(* Fix $b\in(0,1)$ and $0\le\rho\le1$ (with $\rho<1$), and let $\tau:=\rho(1-\rho)^{-1}(1-b)^{-1}$. Consider HL-PushTASEP on $\mathbb{Z}_{\geq 0}$ in which, in addition, particles enter the system through site $0$ at the times of an independent Poisson process of rate $\tau$ (an entering particle arrives at site $0$ and then proceeds as an activated particle under the HL-PushTASEP rules). Then the product Bernoulli measure $\nu_\rho$, under which the occupation variables $\{\eta(x)\}_{x\in\mathbb{Z}_{\geq0}}$ are independent $\mathrm{Ber}(\rho)$ random variables, is invariant for this dynamics: if the process starts from $\nu_\rho$, then at every time $t\ge0$ the occupation variables $\{\eta_t(x)\}_{x\in\mathbb{Z}_{\ge0}}$ are i.i.d. $\mathrm{Ber}(\rho)$.
   Context: HL-PushTASEP on $\mathbb{Z}_{\geq 0}$ with parameter $b\in(0,1)$: particles occupy sites of $\mathbb{Z}_{\geq 0}$, at most one per site, each with an independent rate-$1$ exponential clock. An activated particle moves one step to the right and then continues step by step with probability $b$ per further step (i.e., the particle at $x_m$ jumps $j$ steps with probability $(1-b)b^{j-1}$ for $1\leq j<x_{m+1}-x_m$); with probability $b^{x_{m+1}-x_m-1}$ it reaches the site $x_{m+1}$ of its right neighbour, stops there, and the particle previously at $x_{m+1}$ is instantaneously activated and moves by the same rule. $\eta_t(x)=1$ if site $x$ is occupied at time $t$ and $0$ otherwise. *)

From HB Require Import structures.
From mathcomp Require Import all_boot all_order all_algebra.
From mathcomp Require Import all_classical all_reals all_analysis.
Set Implicit Arguments. Unset Strict Implicit. Unset Printing Implicit Defensive.
Import Order.TTheory GRing.Theory Num.Theory.
Local Open Scope ring_scope.

(* Configurations of the window {0,...,n-1} of Z_{>=0}. *)
Definition config (n : nat) := {ffun 'I_n -> bool}.

Definition occ n (e : config n) (q : nat) : bool :=
  [exists i : 'I_n, (nat_of_ord i == q) && e i].

Definition setb n (e : config n) (q : nat) (v : bool) : config n :=
  [ffun i : 'I_n => if nat_of_ord i == q then v else e i].

Section Dyn.
Variables (R : realType) (b : R) (n : nat).

Definition dirac (e : config n) : config n -> R := fun f => (f == e)%:R.

(* [fly k e q]: law of the resulting configuration when an activated (flying)
   particle, not counted in [e], is about to make its next step onto site q.  Step onto
   an occupied site: stop there and the particle previously there becomes the
   flying particle.  Leaving the window: the particle exits the window.
   [k] is fuel; [k = n.+1] always suffices. *)
Fixpoint fly (k : nat) (e : config n) (q : nat) : config n -> R :=
  match k with
  | 0 => dirac e
  | k'.+1 =>
      if (q < n)%N then
        if occ e q then fly k' e q.+1
        else fun f => (1 - b) * dirac (setb e q true) f + b * fly k' e q.+1 f
      else dirac e
  end.

(* Generator (Q-matrix) of the window-restricted HL-PushTASEP with entry of
   particles at site 0 at rate tau. *)
Definition Qrate (tau : R) (e f : config n) : R :=
  \sum_(i : 'I_n | e i) fly n.+1 (setb e i false) i.+1 f
  + tau * fly n.+1 e 0 f
  - (if e == f then (#|[set i | e i]|%:R + tau) else 0).

Definition evolve (tau : R) (v : config n -> R) : config n -> R :=
  fun f => \sum_(e : config n) v e * Qrate tau e f.

Definition bernoulli_prod (rho : R) : config n -> R :=
  fun e => \prod_(i : 'I_n) (if e i then rho else 1 - rho).

(* k-th term of the series  (law at time t) = mu exp(tQ) *)
Definition law_term (tau t : R) (mu : config n -> R) (k : nat) (f : config n) : R :=
  t ^+ k / (k`!)%:R * iter k (evolve tau) mu f.

End Dyn.

Definition tau_of (R : realType) (b rho : R) : R := rho / ((1 - rho) * (1 - b)).

(* Write nu for the Bernoulli(rho) product measure and tau for tau_of b rho, so that
   tau (1 - b) (1 - rho) = rho.  Let J_q(f) = tau * sum_g nu(g) P[a flying particle about
   to step onto q, added to g, produces f] be the stationary flux of flying particles
   onto site q.  At an empty site the particle stops with probability 1 - b, and
   tau (1 - b) nu(g) = nu(g + delta_q); at an occupied site it is relayed by the particle
   sitting there.  Hence J_q(f) plus the rate of activations from q equals J_(q+1)(f)
   plus the rate nu(f) [f(q) = 1] at which f is left through q.  Summing these balances
   from the right end of the window, where J(f) = tau nu(f), down to q = 0 gives
   nu Q = 0, so every term of the series nu exp(tQ) but the first vanishes. *)

From Pilot Require Import Defs.
From HB Require Import structures.
From mathcomp Require Import all_boot all_order all_algebra.
From mathcomp Require Import all_classical all_reals all_analysis.
From mathcomp Require Import ring.
Import Order.TTheory GRing.Theory Num.Theory.
Import numFieldNormedType.Exports.
Set Implicit Arguments. Unset Strict Implicit. Unset Printing Implicit Defensive.
Local Open Scope ring_scope.

Lemma sumrD (V : nmodType) (I : Type) (r : seq I) (P : pred I) (F G : I -> V) :
  \sum_(i <- r | P i) (F i + G i) = \sum_(i <- r | P i) F i + \sum_(i <- r | P i) G i.
Proof. exact: big_split. Qed.

Section Window.
Variable n : nat.

Lemma occ_ord (e : config n) (i : 'I_n) : occ e i = e i.
Proof.
apply/existsP; case: ifP => ei; first by exists i; rewrite eqxx ei.
by case=> j /andP[/eqP/val_inj ->]; rewrite ei.
Qed.

Lemma setbE (e : config n) (q : nat) (v : bool) (j : 'I_n) :
  setb e q v j = if nat_of_ord j == q then v else e j.
Proof. by rewrite ffunE. Qed.

Lemma setbFT (e : config n) (i : 'I_n) : e i -> setb (setb e i false) i true = e.
Proof. by move=> ei; apply/ffunP => j; rewrite !setbE; case: eqP => // /val_inj ->. Qed.

Lemma setbTF (e : config n) (i : 'I_n) : ~~ e i -> setb (setb e i true) i false = e.
Proof.
by move=> ei; apply/ffunP => j; rewrite !setbE; case: eqP => // /val_inj ->; apply/esym/negbTE.
Qed.

Lemma big_occupied (T : Type) (idx : T) (op : Monoid.com_law idx) (i : 'I_n)
    (F : config n -> T) :
  \big[op/idx]_(e : config n | e i) F e
  = \big[op/idx]_(g : config n | ~~ g i) F (setb g i true).
Proof.
rewrite (reindex_onto (fun g => setb g i true) (fun e => setb e i false)) => [|e ei];
  last exact: setbFT.
apply: eq_bigl => g; rewrite setbE eqxx /=.
case: (boolP (g i)) => gi; last by rewrite setbTF ?eqxx.
by apply/negbTE/eqP => gE; move: gi; rewrite -gE setbE eqxx.
Qed.

Lemma big_ord_geq_recl (V : zmodType) (q : nat) (hq : (q < n)%N) (X : 'I_n -> V) :
  \sum_(i : 'I_n | (q <= i)%N) X i = X (Ordinal hq) + \sum_(i : 'I_n | (q < i)%N) X i.
Proof.
rewrite (bigD1 (Ordinal hq)) //=; congr (_ + _); apply: eq_bigl => i.
by rewrite ltn_neqAle andbC -val_eqE eq_sym.
Qed.

End Window.

Section Flight.
Variables (R : realType) (b : R) (n : nat).

Lemma flyS (k q : nat) (e : config n) :
  fly b k.+1 e q =
    if (q < n)%N then
      if occ e q then fly b k e q.+1
      else fun f => (1 - b) * Defs.dirac R (setb e q true) f + b * fly b k e q.+1 f
    else Defs.dirac R e.
Proof. by []. Qed.

Lemma fly_fuel (k q : nat) (e : config n) :
  (n <= q + k)%N -> fly b k.+1 e q = fly b k e q.
Proof.
elim: k q => [|k IH] q h; first by rewrite flyS ltnNge -(addn0 q) h.
by rewrite [LHS]flyS [RHS]flyS IH // addSnnS.
Qed.

Lemma fly_step (q : nat) (e : config n) : (q < n)%N ->
  fly b n.+1 e q =
    if occ e q then fly b n.+1 e q.+1
    else fun f => (1 - b) * Defs.dirac R (setb e q true) f + b * fly b n.+1 e q.+1 f.
Proof. by move=> hq; rewrite flyS hq fly_fuel // leq_addl. Qed.

End Flight.

Lemma bernoulli_prod_fill (R : realType) (n : nat) (rho : R) (g : config n) (i : 'I_n) :
  ~~ g i -> bernoulli_prod rho (setb g i true) * (1 - rho) = rho * bernoulli_prod rho g.
Proof.
move=> gi; rewrite /bernoulli_prod (bigD1 i) //= [in RHS](bigD1 i) //=.
rewrite setbE eqxx (negbTE gi) mulrAC mulrA; congr (_ * _).
by apply: eq_bigr => j ji; rewrite setbE; case: eqP => // /val_inj ji_eq; rewrite ji_eq eqxx in ji.
Qed.

Lemma tau_of_balance (R : realType) (b rho : R) : b < 1 -> rho < 1 ->
  tau_of b rho * (1 - b) * (1 - rho) = rho.
Proof.
move=> b1 rho1; have b1' : 1 - b != 0 by rewrite subr_eq0 gt_eqF.
have rho1' : 1 - rho != 0 by rewrite subr_eq0 gt_eqF.
by rewrite /tau_of; field; rewrite b1' rho1'.
Qed.

Section Stationarity.
Variables (R : realType) (b rho tau : R) (n : nat).
Hypothesis rho_lt1 : rho < 1.
Hypothesis tau_balance : tau * (1 - b) * (1 - rho) = rho.

Let nu : config n -> R := bernoulli_prod rho.

Lemma bernoulli_prod_fill_tau (g : config n) (i : 'I_n) :
  ~~ g i -> nu (setb g i true) = tau * (1 - b) * nu g.
Proof.
move=> gi; have rho1 : 1 - rho != 0 by rewrite subr_eq0 gt_eqF.
apply: (mulIf rho1); rewrite /nu bernoulli_prod_fill // -{1}tau_balance.
by rewrite [RHS]mulrAC.
Qed.

Let inflow (q : nat) (f : config n) : R := tau * \sum_(g : config n) nu g * fly b n.+1 g q f.

Let jump_from (i : 'I_n) (f : config n) : R :=
  \sum_(e : config n | e i) nu e * fly b n.+1 (setb e i false) i.+1 f.

Lemma inflow_out (q : nat) (f : config n) : (n <= q)%N -> inflow q f = tau * nu f.
Proof.
move=> nq; rewrite /inflow; congr (_ * _).
rewrite (bigD1 f) // big1 => [|g gf]; rewrite flyS ltnNge nq /= /Defs.dirac.
  by rewrite eqxx mulr1 addr0.
by rewrite eq_sym (negbTE gf) mulr0.
Qed.

Lemma jump_fromE (i : 'I_n) (f : config n) :
  jump_from i f = tau * (1 - b) * \sum_(g : config n | ~~ g i) nu g * fly b n.+1 g i.+1 f.
Proof.
rewrite /jump_from big_occupied mulr_sumr; apply: eq_bigr => g gi.
by rewrite bernoulli_prod_fill_tau // setbTF // mulrA.
Qed.

Lemma fill_mass (i : 'I_n) (f : config n) :
  tau * (1 - b) * \sum_(g : config n | ~~ g i) nu g * Defs.dirac R (setb g i true) f
  = (f i)%:R * nu f.
Proof.
rewrite mulr_sumr (eq_bigr (fun g => nu (setb g i true) * Defs.dirac R (setb g i true) f));
  last by move=> g gi; rewrite mulrA bernoulli_prod_fill_tau.
rewrite -(big_occupied _ i (fun e => nu e * Defs.dirac R e f)) /Defs.dirac.
case: (boolP (f i)) => fi.
  rewrite (bigD1 f) //= eqxx big1 => [|e /andP[_ ef]]; first by rewrite mulr1 addr0 mul1r.
  by rewrite eq_sym (negbTE ef) mulr0.
rewrite mul0r big1 // => e ei; case: eqP => [fe|]; last by rewrite mulr0.
by move: fi; rewrite fe ei.
Qed.

Lemma inflow_step (i : 'I_n) (f : config n) :
  inflow i f + jump_from i f = inflow i.+1 f + (f i)%:R * nu f.
Proof.
rewrite jump_fromE -fill_mass /inflow.
rewrite !(bigID (fun g : config n => g i) xpredT) /=.
have occupied : \sum_(g : config n | g i) nu g * fly b n.+1 g i f
    = \sum_(g : config n | g i) nu g * fly b n.+1 g i.+1 f.
  by apply: eq_bigr => g gi; rewrite fly_step // occ_ord gi.
have empty : \sum_(g : config n | ~~ g i) nu g * fly b n.+1 g i f
    = (1 - b) * \sum_(g : config n | ~~ g i) nu g * Defs.dirac R (setb g i true) f
      + b * \sum_(g : config n | ~~ g i) nu g * fly b n.+1 g i.+1 f.
  rewrite !mulr_sumr -sumrD; apply: eq_bigr => g gi.
  by rewrite fly_step // occ_ord (negbTE gi); ring.
by rewrite occupied empty; ring.
Qed.

Lemma inflow_balance (q : nat) (f : config n) :
  inflow q f + \sum_(i : 'I_n | (q <= i)%N) jump_from i f
  = tau * nu f + \sum_(i : 'I_n | (q <= i)%N) (f i)%:R * nu f.
Proof.
have [m] := ubnP (n - q); elim: m q => // m IH q /ltnSE nqm.
case: (ltnP q n) => [qn|nq]; last first.
  have no_site (X : 'I_n -> R) : \sum_(i : 'I_n | (q <= i)%N) X i = 0.
    by rewrite big_pred0 // => i; apply/negbTE; rewrite -ltnNge (leq_trans (ltn_ord i)).
  by rewrite !no_site inflow_out.
have := inflow_step (Ordinal qn) f => /= step.
have shorter : (n - q.+1 < m)%N by rewrite subnS prednK ?subn_gt0.
rewrite !(big_ord_geq_recl qn) addrA step addrAC IH //; ring.
Qed.

Lemma sum_jump_from (f : config n) :
  \sum_(e : config n) nu e * \sum_(i : 'I_n | e i) fly b n.+1 (setb e i false) i.+1 f
  = \sum_(i : 'I_n) jump_from i f.
Proof.
under eq_bigr do rewrite mulr_sumr.
by rewrite (exchange_big_dep xpredT).
Qed.

Lemma evolve_bernoulli_prod (f : config n) : evolve b tau nu f = 0.
Proof.
have := inflow_balance 0 f.
have all_sites (X : 'I_n -> R) : \sum_(i : 'I_n | (0 <= i)%N) X i = \sum_i X i.
  exact: eq_bigl.
have card_occupied : \sum_(i : 'I_n) (f i)%:R = #|[set i | f i]|%:R :> R.
  rewrite -sum1_card natr_sum [RHS]big_mkcond; apply: eq_bigr => i _.
  by rewrite inE; case: (f i).
rewrite !all_sites -big_distrl /= card_occupied => balance.
have diagonal : \sum_(e : config n) nu e * (if e == f then #|[set i | e i]|%:R + tau else 0)
    = nu f * (#|[set i | f i]|%:R + tau).
  by rewrite (bigD1 f) //= eqxx big1 ?addr0 // => e /negbTE ->; rewrite mulr0.
rewrite /evolve /Qrate; under eq_bigr do rewrite mulrBr mulrDr.
have entry : \sum_(e : config n) nu e * (tau * fly b n.+1 e 0 f) = inflow 0 f.
  by rewrite /inflow mulr_sumr; apply: eq_bigr => e _; rewrite mulrCA.
rewrite sumrB sumrD sum_jump_from diagonal entry [_ + inflow 0 f]addrC balance; ring.
Qed.

End Stationarity.

Local Open Scope classical_set_scope.

Section StationarySeries.
Variables (R : realType) (b tau : R) (n : nat) (v : config n -> R).
Hypothesis v_stationary : forall f, evolve b tau v f = 0.

Lemma iter_evolve_stationary (k : nat) (f : config n) : iter k.+1 (evolve b tau) v f = 0.
Proof.
elim: k f => [|k IH] f; first exact: v_stationary.
by rewrite iterS; apply: big1 => e _; rewrite IH mul0r.
Qed.

Lemma law_series_stationary (t : R) (f : config n) :
  (fun m : nat => \sum_(k < m) law_term b tau t v k f) @ \oo --> v f.
Proof.
apply: cvg_near_cst; exists 1%N => // [[|m]] // _.
rewrite big_ord_recl big1 => [|k _]; last by rewrite /law_term iter_evolve_stationary mulr0.
by rewrite /law_term /= expr0 fact0 divr1 mul1r addr0.
Qed.

End StationarySeries.

Theorem lemma2p13 (R : realType) (b rho : R)
  (hb0 : 0 < b) (hb1 : b < 1) (hr0 : 0 <= rho) (hr1 : rho < 1)
  (n : nat) (t : R) (ht : 0 <= t) (f : config n) :
  (fun m : nat => \sum_(k < m)
      law_term b (tau_of b rho) t (@bernoulli_prod R n rho) k f) @ \oo
  --> @bernoulli_prod R n rho f.
Proof.
apply: law_series_stationary => g.
exact: evolve_bernoulli_prod hr1 (tau_of_balance hb1 hr1) g.
Qed.
Lemma left_of_between up i j r : i < r -> r < j -> left_of up i j r = ~~ up i j.
Proof.
move=> ir rj; rewrite /left_of /even_order /lo3 /hi3.
have [-> ->] : minn i (minn j r) = i /\ maxn i (maxn j r) = j by lia.
by rewrite (ltn_trans ir rj) ltnNge (ltnW rj) ltnNge (ltnW ir).
Qed.

Lemma left_of_above up i j r : i < j -> j < r -> left_of up i j r = up i r.
Proof.
move=> ij jr; rewrite /left_of /even_order /lo3 /hi3.
have [-> ->] : minn i (minn j r) = i /\ maxn i (maxn j r) = r by lia.
by rewrite ij jr ltnNge (ltnW (ltn_trans ij jr)).
Qed.

Lemma count_iota_neq2 m i j : 1 <= i -> i < j -> j <= m ->
  count (fun r => (r != i) && (r != j)) (iota 1 m) = m - 2.
Proof.
move=> i1 ij jm.
have i_in : i \in iota 1 m by rewrite mem_iota; lia.
have j_in : j \in iota 1 m by rewrite mem_iota; lia.
have not_both : count (predI (pred1 i) (pred1 j)) (iota 1 m) = 0.
  rewrite (@eq_count _ _ pred0) ?count_pred0 // => r /=.
  by case: eqP => // ->; apply/negbTE; rewrite neq_ltn ij.
have := count_predC (predU (pred1 i) (pred1 j)) (iota 1 m).
have := count_predUI (pred1 i) (pred1 j) (iota 1 m).
rewrite not_both !count_uniq_mem ?iota_uniq // i_in j_in size_iota.
rewrite (@eq_count _ (predC _) (fun r => (r != i) && (r != j))); first lia.
by move=> r; rewrite /= negb_or.
Qed.

Lemma left_cnt_add_right_cnt up m i j : 1 <= i -> i < j -> j <= m ->
  left_cnt up m i j + right_cnt up m i j = m - 2.
Proof. by move=> i1 ij jm; rewrite count_andC count_iota_neq2. Qed.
========================================================================
# [Your goal]
Please provide the number of lines in the listing above that contain the word "setbFT", and nothing further.

# [Solution to this problem]
2